Командир взял со стола бумажку, которую они, видимо, только что читали, и протянул ему: «В бою под деревней Ширяево геройски погибли 13 бойцов-автоматчиков нашего полка, находившиеся в засаде во главе с политруком Габдуллиным Маликом. Как донёс разведчик, они сражались до последнего дыхания. В неравном бою они уничтожили два немецких танка и 150 гитлеровцев». Бумажка была подписана командиром пятой роты Аникиным и отсекром комсомольского бюро полка Джеджибаевым.
— Ну, что это значит? — спросил командир.
— Мы тут сидим и горюем, — добавил комиссар.
— Тут всё правильно, кроме того, что мы погибли, — устало улыбнулся Малик, которого клонило в сон так, что он с трудом поднимал отяжелевшие веки.
— Побольше бы таких покойников — не очень ловко сострил комиссар полка.
Он полез под топчан, порылся в чемодане и, достав со дна бутылку коньяку, бережно завёрнутую в новые портянки, поставил на стол.
— Как уезжали из Алма-Аты, жена дала на дорогу, — пояснил он. — Слово себе дал бутылку эту спрятать и выпить в день победы. Вот и таскал с тех пор. Разопьём, что ли, по такому случаю? За твоё здоровье, Малик!
Сбывались слова генерала Панфилова, старого воина, знавшего толк в боевом искусстве. Учёный-фольклорист, кабинетный человек, на глазах вырастал в искусного командира. И хотя внешне он оставался прежним худощавым городским юношей с красивым смугловатым и тонким, точно выточенным из старой слоновой кости, лицом, с узкими и длинными руками интеллигента, он стал выносливым и неприхотливым солдатом, суровым к себе, требовательным к подчинённым.
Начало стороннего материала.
(* Let $m\ge 2$. (1) If $m$ is even: $\mathrm{Spec}(\Gamma_{T_{4m}})=\{[0]^{m-2},[-1]^1,[\tfrac{1+\sqrt{8m-7}}{2}]^1,[\tfrac{1-\sqrt{8m-7}}{2}]^1\}$, $E=1+\sqrt{8m-7}$; $\mathrm{L\text{-}Spec}=\{[0]^1,[2]^{m-2},[m+1]^2\}$, $LE=\frac{4(m-1)(m-2)}{m+1}+4$; $\mathrm{Q\text{-}Spec}=\{[2]^{m-2},[m-1]^1,[\tfrac{m+3+\sqrt{(m-1)(m+7)}}{2}]^1,[\tfrac{m+3-\sqrt{(m-1)(m+7)}}{2}]^1\}$, and $SE=4$ if $m=2$, $SE=\frac{4(m-1)(m-2)}{m+1}+(m-1)(\sqrt{1+\frac{8}{m-1}}-1)$ if $m\ne2$. (2) If $m$ is odd: $\mathrm{Spec}(\Gamma_{T_{4m}})=\{[0]^{m-1},[2\sqrt{\tfrac{m-1}{2}}]^1,[-2\sqrt{\tfrac{m-1}{2}}]^1\}$, $E=4\sqrt{\frac{m-1}{2}}$; $\mathrm{L\text{-}Spec}=\mathrm{Q\text{-}Spec}=\{[0]^1,[2]^{m-2},[m-1]^1,[m+1]^1\}$, and $LE=SE=\frac{4(m-1)(m-3)}{m+1}+4$.
   Context: $T_{4m}=\langle x,y\mid x^{2m}=1,\ x^m=y^2,\ y^{-1}xy=x^{-1}\rangle$ (dicyclic group). For a finite non-abelian group $G$ with center $Z(G)$, the NCCC-graph $\Gamma_G$ has vertex set $\{x^G: x\in G\setminus Z(G)\}$ ($x^G$ the conjugacy class of $x$), distinct vertices $x^G,y^G$ adjacent iff $x'y'\neq y'x'$ for all $x'\in x^G,y'\in y^G$. For a simple graph with adjacency matrix $A$, degree matrix $D$, $L=D-A$, $Q=D+A$; Spec, L-Spec, Q-Spec are eigenvalue multisets of $A,L,Q$, $[\lambda]^k$ meaning eigenvalue $\lambda$ of multiplicity $k$ (multiplicity $0$ means absent). $E=\sum_{\lambda\in\mathrm{Spec}}|\lambda|$; with $\Delta=2|E(\mathcal G)|/|V(\mathcal G)|$, $LE=\sum_{\beta\in\mathrm{L\text{-}Spec}}|\beta-\Delta|$, $SE=\sum_{\gamma\in\mathrm{Q\text{-}Spec}}|\gamma-\Delta|$. All quantities refer to $\Gamma_{T_{4m}}$. *)

From HB Require Import structures.
From mathcomp Require Import all_boot all_order all_algebra all_fingroup all_solvable.
Set Implicit Arguments. Unset Strict Implicit. Unset Printing Implicit Defensive.
Import Order.TTheory GRing.Theory Num.Theory.
Local Open Scope ring_scope.

Section NCCC.
Variable gT : finGroupType.
Local Open Scope group_scope.

Definition nccc_vertices (G : {group gT}) : {set {set gT}} :=
  [set x ^: G | x in G :\: 'Z(G)].

Definition nccc_adj (C D : {set gT}) : bool :=
  (C != D) && [forall a in C, forall b in D, a * b != b * a].
End NCCC.

Section Spectral.
Variable R : rcfType.

Definition nccc_adjmx (gT : finGroupType) (G : {group gT})
  : 'M[R]_#|nccc_vertices G| :=
  \matrix_(i, j) (nccc_adj (enum_val i) (enum_val j))%:R.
Он командовал уже ротой разведчиков. Когда роту эту после боевых дел отводили на отдых, он и тут не давал покоя своим людям. Ежедневно с утра до ночи он учил бойцов-казахов ходить на лыжах, сам вместе с ними овладевал этим чужим для его народа и потому особенно трудно дававшимся ему искусством. Никудышный стрелок в начале войны, он в редкие дорогие минуты боевого отдыха, когда его товарищи командиры, попарившись в бане, отсыпались, уходил в лес и один часами учился целиться и стрелять, пока не научился первой пулей сбивать с ели шишку. Он был награждён уже орденом Красной Звезды и орденом Боевого Красного Знамени. Его разведчики славились на всю армию. Их известность росла по мере наступления. Раненые, уезжавшие на отдых в родные края, письма бойцов панфиловской дивизии, посылаемые на родину, несли его славу из холодных калининских лесов в далёкий Казахстан. О нём говорили уже в колхозах. Старики сравнивали его с легендарными героями прежних дней. О нём сочиняли стихи. Сам того не подозревая, становился он героем степных народных песен, какие он когда-то собирал с такой любовью и старанием.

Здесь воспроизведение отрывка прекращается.